Your objective>
Return the listing in full. Keep each line exactly as it is.

Records to use>
========================
Lemma br_nil_l (C : obj G) : heq (Tbr [] C) (Tid C).
Proof.
  assert (Hidem : heq (Tbr [] C) (Tcomp (Tbr [] C) (Tbr [] C))).
  { etransitivity; [apply (br_hex2 [] [] C)|]. simpl.
    erewrite mon_unitr by typecheck. erewrite mon_unitl by typecheck. reflexivity. }
  pose proof (br_inv1 C []) as Hinv. simpl in Hinv.
  rewrite <- Hinv. rewrite Hidem at 2. erewrite <- cat_assoc by typecheck.
  rewrite Hinv. erewrite cat_idl by typecheck. reflexivity.
Qed.

Lemma state_tens_br (p : tm G) P (A : obj G) : ty p [] P ->
  heq (Ttens (Tid A) p) (Tcomp (Tbr P A) (Ttens p (Tid A))).
Proof.
  intros Hp. erewrite br_nat by typecheck. rewrite br_nil_l.
  erewrite cat_idr by typecheck. reflexivity.
Qed.

End Monoidal.

Section Hopf.
Context {G : groupoid}.

Lemma eps_antipode b c (k : ghom G b c) :
  heq (Tcomp (Teps (ginv k)) (TS k)) (Teps k).
Proof.
  pose proof (ax_counitr G _ _ k) as Hcounit. unfold idg in Hcounit.
  transitivity (Tcomp (Tcomp (Teps (ginv k)) (TS k))
                      (Tcomp (Ttens (Tid [Lb k]) (Teps k)) (TDelta k))).
  { rewrite Hcounit. erewrite cat_idr by typecheck. reflexivity. }
  erewrite <- cat_assoc by typecheck. erewrite effect_comp_tens by typecheck.
  rewrite <- (cat_idr (f := Teps k)) at 1 by typecheck.
  erewrite mon_interchange by typecheck.
  rewrite <- (ax_epsm G _ _ _ (ginv k) k).
  pose proof (ax_antil G _ _ k) as Hanti. unfold idg in Hanti.
  erewrite cat_assoc by typecheck. erewrite cat_assoc by typecheck.
  rewrite Hanti, (ginv_l G _ _ k).
  erewrite <- cat_assoc by typecheck. rewrite (ax_epseta G c).
  erewrite cat_idl by typecheck. reflexivity.
Qed.

(* Applied to L_{hk} <> id_k: m(L_{hk} <> S k_1) = L_{hk bar k} eps(S k_1)
   and eps S = eps, so the counit leaves L_{hk bar k} <> id_k = L_h <> id_k. *)
Definition shift {a b c} (h : ghom G a b) (k : ghom G b c) : tm G :=
  Tcomp (Ttens (Tm (gcomp h k) (ginv k)) (Tid [Lb k]))
   (Tcomp (Ttens (Ttens (Tid [Lb (gcomp h k)]) (TS k)) (Tid [Lb k]))
          (Ttens (Tid [Lb (gcomp h k)]) (TDelta k))).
========================
Answer to this problem>
Lemma br_nil_l (C : obj G) : heq (Tbr [] C) (Tid C).
Proof.
  assert (Hidem : heq (Tbr [] C) (Tcomp (Tbr [] C) (Tbr [] C))).
  { etransitivity; [apply (br_hex2 [] [] C)|]. simpl.
    erewrite mon_unitr by typecheck. erewrite mon_unitl by typecheck. reflexivity. }
  pose proof (br_inv1 C []) as Hinv. simpl in Hinv.
  rewrite <- Hinv. rewrite Hidem at 2. erewrite <- cat_assoc by typecheck.
  rewrite Hinv. erewrite cat_idl by typecheck. reflexivity.
Qed.

Lemma state_tens_br (p : tm G) P (A : obj G) : ty p [] P ->
  heq (Ttens (Tid A) p) (Tcomp (Tbr P A) (Ttens p (Tid A))).
Proof.
  intros Hp. erewrite br_nat by typecheck. rewrite br_nil_l.
  erewrite cat_idr by typecheck. reflexivity.
Qed.

End Monoidal.

Section Hopf.
Context {G : groupoid}.

Lemma eps_antipode b c (k : ghom G b c) :
  heq (Tcomp (Teps (ginv k)) (TS k)) (Teps k).
Proof.
  pose proof (ax_counitr G _ _ k) as Hcounit. unfold idg in Hcounit.
  transitivity (Tcomp (Tcomp (Teps (ginv k)) (TS k))
                      (Tcomp (Ttens (Tid [Lb k]) (Teps k)) (TDelta k))).
  { rewrite Hcounit. erewrite cat_idr by typecheck. reflexivity. }
  erewrite <- cat_assoc by typecheck. erewrite effect_comp_tens by typecheck.
  rewrite <- (cat_idr (f := Teps k)) at 1 by typecheck.
  erewrite mon_interchange by typecheck.
  rewrite <- (ax_epsm G _ _ _ (ginv k) k).
  pose proof (ax_antil G _ _ k) as Hanti. unfold idg in Hanti.
  erewrite cat_assoc by typecheck. erewrite cat_assoc by typecheck.
  rewrite Hanti, (ginv_l G _ _ k).
  erewrite <- cat_assoc by typecheck. rewrite (ax_epseta G c).
  erewrite cat_idl by typecheck. reflexivity.
Qed.

(* Applied to L_{hk} <> id_k: m(L_{hk} <> S k_1) = L_{hk bar k} eps(S k_1)
   and eps S = eps, so the counit leaves L_{hk bar k} <> id_k = L_h <> id_k. *)
Definition shift {a b c} (h : ghom G a b) (k : ghom G b c) : tm G :=
  Tcomp (Ttens (Tm (gcomp h k) (ginv k)) (Tid [Lb k]))
   (Tcomp (Ttens (Ttens (Tid [Lb (gcomp h k)]) (TS k)) (Tid [Lb k]))
          (Ttens (Tid [Lb (gcomp h k)]) (TDelta k))).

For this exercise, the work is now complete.